Manage app permissions on your Android phone or tablet

Your phone, your rules: Android gives you a pretty comprehensive toolkit when it comes to managing app permissions on your device, allowing you to control access to parts of the system like the camera, microphone, and your current location .

Apps will request these permissions one by one as they need them. So you’ll typically see a flood of requests while an app is setting itself up, and more sporadic requests later (when an app needs access to your photos and videos). , For example).

You can change these permissions at any time, and it’s worth running regular audits to make sure apps aren’t overreaching. Do your apps really need all the permissions they ask for? In many cases probably not.

You can see the permissions an app asks for before installing it:

  • Open the app on the Play Shop on your phone or tablet.
  • Scroll down to Data security and tap the arrow next to it.
  • Scroll down to Collected data. This lists the personal data the app collects (such as your email address) and the permissions it asks for (such as access to your contacts).
  • Tap any data type. As it says Optional next to it the app can be run without this permission. If not, the permission is needed for the app to actually function: for example, your location in the case of a maps app. You should also see an explanation of why the app wants this permission.

It is not always easy to weigh which rights you should grant. For example, the Uber app asks for access to your contacts. This isn’t key to the app’s core functionality, but it does allow you to share the rates with other people. Many apps also request permission to show notifications, which means you have to choose between adding more distractions to your device and risking missing something important.

If you need more information about why an app needs certain permissions, you may be able to find it on the app support website. Ideally, apps should also make it clear why certain permissions are required, although unfortunately this doesn’t always happen. If an app doesn’t properly explain why it needs a certain permission, that’s another reason to deny the request.

You can manage permissions for your installed apps at any time from the main Settings screen in Android.

  • Crane Appsand then choose an app. (If you don’t see the full list, click See everything.)
  • Select Rights to see all the permissions the app needs. You will see separate lists of the apps that are currently allowed and the apps that are not.
  • Tap a permission to enable or disable it.

The screens you see vary depending on the permission. For example, for notifications, some apps give you more granular control, so you can have certain types of alerts appear but not others.

Many permissions can be set that are allowed, but only when the app is open. This prevents apps from accessing parts of the system, such as the camera or microphone, when they are not running. For many of these permissions you will also see a Ask every time option, which means you’ll be asked every time the app needs that permission.

A small number of permissions are listed Allow it all the time as one of the options. Use this sparingly. Location access for Google Maps is an example, which turns on the timeline feature that shows you where you’ve been every day (even if you never specifically opened Google Maps).

You can also view a list of app permissions by choosing Security and privacy via Settings, then Privacy > Consent manager. Here you will get the list of permissions along with the number of apps that have that permission. This is useful if you want to keep an eye on a specific authorization.
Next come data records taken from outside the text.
(* 2688 = 21 * 128: since rand_dens H5 <= 5!/2^10 = 15/128, the random count of
   copies of H5 on 7s vertices stays below the 21 s^5 copies in the blow-up. *)
Lemma binomial_H5_bound s : (15 * 'C(7 * s, 5) <= 2688 * s ^ 5)%N.
Proof.
rewrite -(@leq_pmul2r 5`!) ?fact_gt0 // -mulnA bin_ffact.
rewrite (leq_trans (leq_mul (leqnn 15) (ffact_le_expn _ _))) // expnMn.
by rewrite !factS fact0; lia.
Qed.

(* (3s - 8) / 7s >= 2/5 as soon as s >= 40. *)
Lemma binomial_transitive8_bound s : (40 <= s)%N ->
  (2 ^ 8 * 'C(7 * s, 8) <= 5 ^ 8 * 'C(3 * s, 8))%N.
Proof.
move=> s_ge40; rewrite -(@leq_pmul2r 8`!) ?fact_gt0 //.
rewrite -[(2 ^ 8 * _ * _)%N]mulnA -[(5 ^ 8 * _ * _)%N]mulnA !bin_ffact.
apply: (@leq_trans (2 ^ 8 * (7 * s) ^ 8)); first exact: leq_mul (leqnn _) (ffact_le_expn _ _).
apply: (@leq_trans (5 ^ 8 * (3 * s - 8) ^ 8)).
  by rewrite -!expnMn leq_exp2r //; lia.
exact: leq_mul (leqnn _) (expn_sub_le_ffact _ _).
Qed.

Lemma binomial_error_bound N : (8 <= N)%N -> (N * 'C(N, 3) <= 20 * 'C(N, 5))%N.
Proof.
move=> N_ge8; have C5 := mul_bin_left N 4; have C4 := mul_bin_left N 3.
have -> : (20 * 'C(N, 5) = (N - 4) * (N - 3) * 'C(N, 3))%N.
  by rewrite -mulnA -C4 mulnCA -C5; lia.
by rewrite leq_mul2r; apply/orP; right; nia.
Qed.

Section Witness.
Local Open Scope ring_scope.
Variable R : realType.

Lemma rand_dens_H5_le : rand_dens R H5 <= 15%:R / 128%:R.
Proof.
apply: (le_trans (rand_dens_le R H5)).
rewrite ler_pdivrMr ?ltr0n ?expn_gt0 // mulrAC ler_pdivlMr ?ltr0n // -!natrM ler_nat.
have -> : 'C(5, 2) = 10%N by [].
by rewrite !factS fact0; lia.
Qed.

Lemma rand_dens_transitive8_lt :
  rand_dens R (transitive_tournament 8) < (2 ^ 8)%:R / (5 ^ 8)%:R.
Proof.
apply: (le_lt_trans (rand_dens_le R _)).
rewrite ltr_pdivrMr ?ltr0n ?expn_gt0 // mulrAC ltr_pdivlMr ?ltr0n ?expn_gt0 //.
have -> : 'C(8, 2) = 28%N by [].
by rewrite -!natrM ltr_nat !factS fact0; lia.
Qed.

Lemma blowup_interpolation_witness s : (40 <= s)%N ->
  exists G : rel 'I_(7 * s), [/\ is_tournament G,
    `|dens R H5 G - rand_dens R H5| <= 20%:R / (7 * s)%:R &
    (2 ^ 8)%:R / (5 ^ 8)%:R <= dens R (transitive_tournament 8) G].
Proof.
move=> s_ge40; set N := (7 * s)%N; have N_ge8 : (8 <= N)%N by rewrite /N; lia.
have B_tour := blowup_tournament s qr7_tournament.
have T_tour := transitive_tournamentP N.
have C5_gt0 : 0 < ('C(N, 5))%:R :> R by rewrite ltr0n bin_gt0; lia.
have copies_bounds : (copies H5 (transitive_tournament N))%:R
    <= rand_dens R H5 * ('C(N, 5))%:R <= (copies H5 (blowup s qr7))%:R.
  have [c1 c2 c3] := H5_cycle; rewrite (copies_transitive_cycle _ c1 c2 c3).
  rewrite mulr_ge0 ?rand_dens_ge0 ?ler0n //=.
  apply: (le_trans (ler_wpM2r (ler0n _ _) rand_dens_H5_le)).
  apply: (@le_trans _ _ (21 * s ^ 5)%N%:R); last by rewrite ler_nat copies_H5_blowup.
  rewrite mulrAC ler_pdivrMr ?ltr0n // -!natrM ler_nat.
  by have := binomial_H5_bound s; rewrite /N; lia.
have [t near] :=
  interpolate_dens_near B_tour T_tour (leq_trans (isT : 5 <= 8)%N N_ge8) copies_bounds.
exists (interpolate (blowup s qr7) (transitive_tournament N) t); split.
- exact: interpolate_tournament.
- rewrite (le_trans near) // ler_pdivrMr // mulrAC ler_pdivlMr ?ltr0n; last by rewrite /N; lia.
  by rewrite -!natrM ler_nat mulnC binomial_error_bound.
- have prefix (u v : 'I_N) : (u < 3 * s)%N -> (v < 3 * s)%N ->
      interpolate (blowup s qr7) (transitive_tournament N) t u v = (u < v)%N.
    by move=> u3 v3; rewrite interpolate_agree (blowup_prefix qr7_prefix).
  have := binomial_le_copies_transitive 8 (leq_mul (isT : 3 <= 7)%N (leqnn s)) prefix.
  move=> C8_le; rewrite dens_copies // ler_pdivlMr ?ltr0n ?bin_gt0 //.
  rewrite mulrAC ler_pdivrMr ?ltr0n ?expn_gt0 // -!natrM ler_nat [X in (_ <= X)%N]mulnC.
  by apply: leq_trans (binomial_transitive8_bound s_ge40) _; rewrite leq_mul2l C8_le orbT.
Qed.

End Witness.

Theorem mainTheorem6 (R : realType) : is_tournament H5 /\ ~ qr_forcing R H5.
Proof.
split; first exact: H5_tournament.
apply: (not_qr_forcing_of_witnesses (C := 20%:R) (transitive_tournamentP 8)
                                     (rand_dens_transitive8_lt R)).
move=> n; have [G [G_tour H5_near T8_dense]] := blowup_interpolation_witness R (leq_addl n 40).
by exists (existT _ _ G); split=> //=; lia.
Qed.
  • Tap a permission to see which apps have and have not been granted access to it.
  • Select an app to change the permission setting.
  • You get exactly the same options as before, including Ask every time And Allow it all the time.
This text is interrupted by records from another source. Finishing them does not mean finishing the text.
Lemma cover_formE (f g : nat -> R) :
  \sum_(l < K) \sum_(j < K) f l * covMx K n pis t l j * g j = cover_form f g.
Proof.
transitivity (\sum_(l < K) \sum_(j < K) \sum_(i < m | (i < n)%N)
    t i * (f l * permMx R K (pis i) l j * g j)).
  apply: eq_bigr => l _; apply: eq_bigr => j _.
  rewrite summxE mulr_sumr mulr_suml; apply: eq_bigr => i _; rewrite mxE; ring.
under eq_bigr do rewrite exchange_big; rewrite exchange_big; apply: eq_bigr => i ltin.
rewrite -(permMx_bilin (pis i) f g (ksK ltin)) mulr_sumr.
by apply: eq_bigr => l _; rewrite mulr_sumr.
Qed.

Lemma mulmx_bvec_cover_form h (f : nat -> R) : (0 < h)%N ->
  \sum_(l < K) (covMx K n pis t *m bvec R K h) l 0 * f l = cover_form f (sbin R h.-1).
Proof.
move=> h_gt0; rewrite -cover_formE; apply: eq_bigr => l _.
by rewrite mxE mulr_suml; apply: eq_bigr => j _; rewrite bvecE //; ring.
Qed.

Lemma bvec_mulmx_cover_form h (g : nat -> R) : (0 < h)%N ->
  \sum_(j < K) ((bvec R K h)^T *m covMx K n pis t) 0 j * g j = cover_form (sbin R h.-1) g.
Proof.
move=> h_gt0; rewrite -cover_formE exchange_big; apply: eq_bigr => j _.
by rewrite mxE !mulr_suml; apply: eq_bigr => l _; rewrite mxE bvecE.
Qed.

Lemma cover_form1r (f : nat -> R) : \sum_(a < K) f a = 0 -> cover_form f (fun=> 1) = 0.
Proof.
move=> sum_f0; rewrite /cover_form big1 // => i ltin.
under eq_bigr do rewrite mulr1.
by rewrite (ksK ltin) sum_f0 mulr0.
Qed.

Lemma cover_form1l (g : nat -> R) : \sum_(a < K) g a = 0 -> cover_form (fun=> 1) g = 0.
Proof.
move=> sum_g0; rewrite /cover_form big1 // => i ltin.
under eq_bigr do rewrite mul1r.
rewrite (reindex_inj (@perm_inj _ (pis i)^-1)) /=; under eq_bigr do rewrite permKV.
by rewrite (ksK ltin) sum_g0 mulr0.
Qed.

End CoverForm.

Theorem lemma9 (R : realType) (m : nat) (ks : 'I_m -> nat)
    (pis : forall i : 'I_m, 'S_(ks i)) (t : 'I_m -> R) (n h : nat) :
  (forall al be : R, 0 < al < 1 -> 0 < be < 1 ->
     \sum_(i < m) t i * gradP (pis i) al be = 0) ->
  (n <= m)%N ->
  (forall i : 'I_m, (i < n)%N = (ks i == maxord ks)) ->
  (2 <= h)%N -> (h <= maxord ks)%N ->
  (forall i : 'I_m, (n <= i)%N -> (ks i <= h.-1)%N) ->
  covMx (maxord ks) n pis t *m bvec R (maxord ks) h = 0 /\
  (bvec R (maxord ks) h)^T *m covMx (maxord ks) n pis t = 0.
Proof.
move=> grad0 _ ks_max h_ge2 le_hK ks_small; set K := maxord ks in ks_max le_hK *.
have ksK (i : 'I_m) : (i < n)%N -> ks i = K by rewrite ks_max => /eqP.
have h_gt0 : (0 < h)%N by lia.
have sum_b : \sum_(a < K) sbin R h.-1 a = 0 by apply: sum_sbin; lia.
have orth r : (0 < r < K)%N -> cover_form n pis t (sbin R h.-1) (sbin R r) = 0 /\
                               cover_form n pis t (sbin R r) (sbin R h.-1) = 0.
  move=> r_bounds; have [-> ->] : h.-1 = h.-2.+1 /\ r = r.-1.+1 by lia.
  by split; apply: (cover_form_sbin grad0 ksK); try lia; move=> i; have := ks_small i; lia.
split; apply/matrixP => i j; rewrite [RHS]mxE.
- rewrite (ord1 j); move: i; apply: sbin_orthogonal_eq0.
    by move=> r /orth[_ orth_r]; rewrite (mulmx_bvec_cover_form pis t ksK).
  rewrite -[RHS](cover_form1l pis t ksK sum_b).
  by rewrite -(mulmx_bvec_cover_form pis t ksK) //; apply: eq_bigr => l _; rewrite mulr1.
- rewrite (ord1 i); move: j; apply: sbin_orthogonal_eq0.
    by move=> r /orth[orth_r _]; rewrite (bvec_mulmx_cover_form pis t ksK).
  rewrite -[RHS](cover_form1r pis t ksK sum_b).
  by rewrite -(bvec_mulmx_cover_form pis t ksK) //; apply: eq_bigr => l _; rewrite mulr1.
Qed.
Whatever method you use to access your app permissions, you can also see when each app last used that permission. If so, it will be written in smaller text below the permissions. This is another useful indicator when it comes to deciding which permissions to grant and which not to, as it can highlight instances where permissions are being used when they are not necessary.
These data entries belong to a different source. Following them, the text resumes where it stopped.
Lemma perm_tuples_bounded_seqs N l :
  perm_eq [seq map (@nat_of_ord N.+1) (val t) | t : l.-tuple 'I_N.+1] (bounded_seqs N.+1 l).
Proof.
apply: uniq_perm; last move=> s; rewrite ?uniq_bounded_seqs //.
  by rewrite map_inj_uniq ?enum_uniq // => t u /(inj_map val_inj) /val_inj.
rewrite mem_bounded_seqs; apply/imageP/andP => [[t _ ->]|[/eqP size_s /allP lt_sN]].
  by rewrite size_map size_tuple; split=> //; apply/allP => _ /mapP [x _ ->].
have size_s' : size (map (@inord N) s) == l by rewrite size_map size_s.
exists (Tuple size_s') => //=; rewrite -map_comp -[LHS]map_id; apply/eq_in_map => x /lt_sN.
by move=> /= lt_xN; rewrite inordK.
Qed.

Definition ncomps N l k : nat :=
  count (fun s => all (fun x => 0 < x) s && (sumn s == k)) (bounded_seqs N l).

Lemma ncomps0 N k : ncomps N 0 k = (k == 0).
Proof. by rewrite /ncomps /= eq_sym; case: (k == 0). Qed.

Lemma ncompsS N l k : k < N ->
  ncomps N l.+1 k = \sum_(1 <= x < k.+1) ncomps N l (k - x).
Proof.
move=> lt_kN; rewrite /ncomps count_bounded_seqsS (@big_cat_nat _ _ _ k.+1) //=.
rewrite [X in _ + X]big1_seq => [|x /andP [_]]; last first.
  rewrite mem_index_iota => /andP [lt_kx _]; apply/eqP; rewrite -leqn0 leqNgt -has_count.
  by apply/hasP => -[s _ /andP [_ /eqP]]; lia.
rewrite addn0 big_ltn //= count_pred0 add0n; apply: eq_big_nat => x /andP [lt0x lt_xk].
by apply: eq_count => s /=; rewrite lt0x; congr (_ && _); apply/eqP/eqP; lia.
Qed.

Definition ncompositions k : nat := if k is k'.+1 then 2 ^ k' else 1.

Lemma sum_ncompositions k : \sum_(j < k.+1) ncompositions j = 2 ^ k.
Proof. by elim: k => [|k IH]; rewrite ?big_ord1 // big_ord_recr IH expnS /=; lia. Qed.

Lemma ncompositionsE k :
  ncompositions k = (k == 0) + \sum_(1 <= x < k.+1) ncompositions (k - x).
Proof.
case: k => [|k]; first by rewrite big_geq.
rewrite /= add0n big_add1 /= -(sum_ncompositions k) big_mkord.
by rewrite (reindex_inj rev_ord_inj); apply: eq_bigr => j _; rewrite /= subSS.
Qed.

Lemma sum_ncomps N L k : k <= L -> k < N ->
  \sum_(l < L.+1) ncomps N l k = ncompositions k.
Proof.
elim: L k => [|L IH] k le_kL lt_kN.
  by move: le_kL; rewrite leqn0 big_ord1 ncomps0 => /eqP ->.
rewrite big_ord_recl ncomps0 ncompositionsE; congr (_ + _).
rewrite (eq_bigr (fun i : 'I_L.+1 => ncomps N i.+1 k)) => [|i _]; last by rewrite lift0.
under eq_bigr do rewrite ncompsS //.
rewrite exchange_big /=; apply: eq_big_nat => x /andP [lt0x lt_xk].
by apply: IH; lia.
Qed.

Lemma count_pcomp n : count (is_pcomp n) (candidates n) = 2 ^ n.
Proof.
rewrite /candidates count_flatten sumnE !big_map -(sum_ncompositions n).
rewrite (eq_bigr (fun l => count (is_pcomp n) (bounded_seqs n.+1 l))); last first.
  by move=> l _; apply/seq.permP/perm_tuples_bounded_seqs.
rewrite -[iota 1 n.+1]/(index_iota 1 n.+2) big_add1 big_mkord.
under eq_bigr do rewrite count_bounded_seqsS.
rewrite exchange_big /= big_mkord (reindex_inj rev_ord_inj); apply: eq_bigr => x _.
rewrite -(sum_ncomps (N := n.+1) (L := n)) ?leq_ord ?ltn_ord //; apply: eq_bigr => l _.
apply: eq_count => s; rewrite /is_pcomp /= subSS; congr (_ && _).
by apply/eqP/eqP; have := ltn_ord x; lia.
Qed.

(** * Descent classes of even signed permutations *)

Local Open Scope ring_scope.

Lemma lt_normr_ltr (R : realDomainType) (x y : R) : `|x| < `|y| -> (x < y) = (0 < y).
Proof.
rewrite ltr_norml => /andP [lt_Nyx lt_xy].
case: (ltrgt0P y) => [y_gt0|y_lt0|y0].
- by rewrite gtr0_norm in lt_xy.
- by rewrite ltr0_norm // opprK in lt_Nyx; apply/negbTE; rewrite -leNgt ltW.
- by move: (lt_trans lt_Nyx lt_xy); rewrite y0 normr0 oppr0 ltxx.
Qed.

Lemma lt_normr_gtr (R : realDomainType) (x y : R) : `|x| < `|y| -> (y < x) = (y < 0).
Proof. by rewrite -normrN -(normrN y) => /lt_normr_ltr; rewrite ltrN2 oppr_gt0. Qed.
If you have apps that you haven’t used in a while – and who among us doesn’t? — Android will occasionally notify you that those apps’ permissions have been removed (in addition, temporary files may have been deleted and notifications have stopped). If you do open that app, you’ll be asked again to enable those permissions.

  • When you go to Security and privacy in Settings, you may be invited via an additional button to view the apps for which permissions have been revoked.
  • Crane Rate appsand you’ll get a list of all apps last opened more than six months ago.
  • From here you can easily delete them by tapping the trash can icon.
  • You can also tap the app itself to go to the app’s info page.